-- PROBLEM DETAILS --
Set down each entry again exactly as written.

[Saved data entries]

.....

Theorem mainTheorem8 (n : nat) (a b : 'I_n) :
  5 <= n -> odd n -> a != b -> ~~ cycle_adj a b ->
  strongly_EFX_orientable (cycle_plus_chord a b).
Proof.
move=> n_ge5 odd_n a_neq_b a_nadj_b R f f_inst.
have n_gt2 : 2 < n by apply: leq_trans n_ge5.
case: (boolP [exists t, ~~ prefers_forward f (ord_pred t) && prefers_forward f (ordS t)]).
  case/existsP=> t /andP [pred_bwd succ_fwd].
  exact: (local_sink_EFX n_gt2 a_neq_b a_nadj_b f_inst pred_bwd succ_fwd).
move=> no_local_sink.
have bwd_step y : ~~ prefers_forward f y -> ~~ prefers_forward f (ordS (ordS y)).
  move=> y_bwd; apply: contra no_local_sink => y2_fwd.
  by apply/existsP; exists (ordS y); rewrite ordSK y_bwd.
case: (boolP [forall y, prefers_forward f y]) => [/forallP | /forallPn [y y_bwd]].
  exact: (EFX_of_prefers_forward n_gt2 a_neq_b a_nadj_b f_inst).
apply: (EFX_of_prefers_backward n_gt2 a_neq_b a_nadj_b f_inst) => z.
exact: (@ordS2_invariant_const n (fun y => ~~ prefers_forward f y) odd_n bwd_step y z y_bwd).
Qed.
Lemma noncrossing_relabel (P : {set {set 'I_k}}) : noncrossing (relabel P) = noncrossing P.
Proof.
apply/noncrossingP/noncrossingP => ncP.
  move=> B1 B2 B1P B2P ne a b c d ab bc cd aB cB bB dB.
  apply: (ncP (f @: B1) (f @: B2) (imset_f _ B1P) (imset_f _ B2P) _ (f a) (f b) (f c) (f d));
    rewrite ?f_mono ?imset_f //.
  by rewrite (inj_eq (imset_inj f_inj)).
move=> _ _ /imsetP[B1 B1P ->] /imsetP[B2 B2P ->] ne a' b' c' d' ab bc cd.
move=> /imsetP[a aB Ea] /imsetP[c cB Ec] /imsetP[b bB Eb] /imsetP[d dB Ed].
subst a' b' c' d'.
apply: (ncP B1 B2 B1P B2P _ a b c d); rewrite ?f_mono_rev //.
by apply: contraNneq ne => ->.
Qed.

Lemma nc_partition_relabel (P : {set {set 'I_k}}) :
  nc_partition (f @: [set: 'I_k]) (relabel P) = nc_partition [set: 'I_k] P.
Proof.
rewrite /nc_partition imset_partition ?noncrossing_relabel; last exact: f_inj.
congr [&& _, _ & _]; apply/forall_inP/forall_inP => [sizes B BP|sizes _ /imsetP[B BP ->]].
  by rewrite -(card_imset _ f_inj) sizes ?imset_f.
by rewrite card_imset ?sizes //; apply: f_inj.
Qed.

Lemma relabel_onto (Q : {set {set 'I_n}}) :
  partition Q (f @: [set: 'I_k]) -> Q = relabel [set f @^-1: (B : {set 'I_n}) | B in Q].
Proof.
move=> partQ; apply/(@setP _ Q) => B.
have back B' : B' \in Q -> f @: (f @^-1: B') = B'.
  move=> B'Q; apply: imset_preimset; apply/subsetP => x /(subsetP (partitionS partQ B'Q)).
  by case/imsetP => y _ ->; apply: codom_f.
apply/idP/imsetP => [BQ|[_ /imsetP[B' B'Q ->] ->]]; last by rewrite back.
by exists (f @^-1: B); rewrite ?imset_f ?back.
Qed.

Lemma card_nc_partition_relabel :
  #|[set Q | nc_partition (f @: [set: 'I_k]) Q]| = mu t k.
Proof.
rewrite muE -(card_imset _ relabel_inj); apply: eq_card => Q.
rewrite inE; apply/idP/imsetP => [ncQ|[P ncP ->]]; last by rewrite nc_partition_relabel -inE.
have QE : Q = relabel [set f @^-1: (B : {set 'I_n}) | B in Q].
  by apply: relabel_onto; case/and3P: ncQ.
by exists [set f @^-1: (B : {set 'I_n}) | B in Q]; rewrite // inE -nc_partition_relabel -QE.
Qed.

.....

-- SOLUTION --
Theorem mainTheorem8 (n : nat) (a b : 'I_n) :
  5 <= n -> odd n -> a != b -> ~~ cycle_adj a b ->
  strongly_EFX_orientable (cycle_plus_chord a b).
Proof.
move=> n_ge5 odd_n a_neq_b a_nadj_b R f f_inst.
have n_gt2 : 2 < n by apply: leq_trans n_ge5.
case: (boolP [exists t, ~~ prefers_forward f (ord_pred t) && prefers_forward f (ordS t)]).
  case/existsP=> t /andP [pred_bwd succ_fwd].
  exact: (local_sink_EFX n_gt2 a_neq_b a_nadj_b f_inst pred_bwd succ_fwd).
move=> no_local_sink.
have bwd_step y : ~~ prefers_forward f y -> ~~ prefers_forward f (ordS (ordS y)).
  move=> y_bwd; apply: contra no_local_sink => y2_fwd.
  by apply/existsP; exists (ordS y); rewrite ordSK y_bwd.
case: (boolP [forall y, prefers_forward f y]) => [/forallP | /forallPn [y y_bwd]].
  exact: (EFX_of_prefers_forward n_gt2 a_neq_b a_nadj_b f_inst).
apply: (EFX_of_prefers_backward n_gt2 a_neq_b a_nadj_b f_inst) => z.
exact: (@ordS2_invariant_const n (fun y => ~~ prefers_forward f y) odd_n bwd_step y z y_bwd).
Qed.
Lemma noncrossing_relabel (P : {set {set 'I_k}}) : noncrossing (relabel P) = noncrossing P.
Proof.
apply/noncrossingP/noncrossingP => ncP.
  move=> B1 B2 B1P B2P ne a b c d ab bc cd aB cB bB dB.
  apply: (ncP (f @: B1) (f @: B2) (imset_f _ B1P) (imset_f _ B2P) _ (f a) (f b) (f c) (f d));
    rewrite ?f_mono ?imset_f //.
  by rewrite (inj_eq (imset_inj f_inj)).
move=> _ _ /imsetP[B1 B1P ->] /imsetP[B2 B2P ->] ne a' b' c' d' ab bc cd.
move=> /imsetP[a aB Ea] /imsetP[c cB Ec] /imsetP[b bB Eb] /imsetP[d dB Ed].
subst a' b' c' d'.
apply: (ncP B1 B2 B1P B2P _ a b c d); rewrite ?f_mono_rev //.
by apply: contraNneq ne => ->.
Qed.

Lemma nc_partition_relabel (P : {set {set 'I_k}}) :
  nc_partition (f @: [set: 'I_k]) (relabel P) = nc_partition [set: 'I_k] P.
Proof.
rewrite /nc_partition imset_partition ?noncrossing_relabel; last exact: f_inj.
congr [&& _, _ & _]; apply/forall_inP/forall_inP => [sizes B BP|sizes _ /imsetP[B BP ->]].
  by rewrite -(card_imset _ f_inj) sizes ?imset_f.
by rewrite card_imset ?sizes //; apply: f_inj.
Qed.

Lemma relabel_onto (Q : {set {set 'I_n}}) :
  partition Q (f @: [set: 'I_k]) -> Q = relabel [set f @^-1: (B : {set 'I_n}) | B in Q].
Proof.
move=> partQ; apply/(@setP _ Q) => B.
have back B' : B' \in Q -> f @: (f @^-1: B') = B'.
  move=> B'Q; apply: imset_preimset; apply/subsetP => x /(subsetP (partitionS partQ B'Q)).
  by case/imsetP => y _ ->; apply: codom_f.
apply/idP/imsetP => [BQ|[_ /imsetP[B' B'Q ->] ->]]; last by rewrite back.
by exists (f @^-1: B); rewrite ?imset_f ?back.
Qed.

Lemma card_nc_partition_relabel :
  #|[set Q | nc_partition (f @: [set: 'I_k]) Q]| = mu t k.
Proof.
rewrite muE -(card_imset _ relabel_inj); apply: eq_card => Q.
rewrite inE; apply/idP/imsetP => [ncQ|[P ncP ->]]; last by rewrite nc_partition_relabel -inE.
have QE : Q = relabel [set f @^-1: (B : {set 'I_n}) | B in Q].
  by apply: relabel_onto; case/and3P: ncQ.
by exists [set f @^-1: (B : {set 'I_n}) | B in Q]; rewrite // inE -nc_partition_relabel -QE.
Qed.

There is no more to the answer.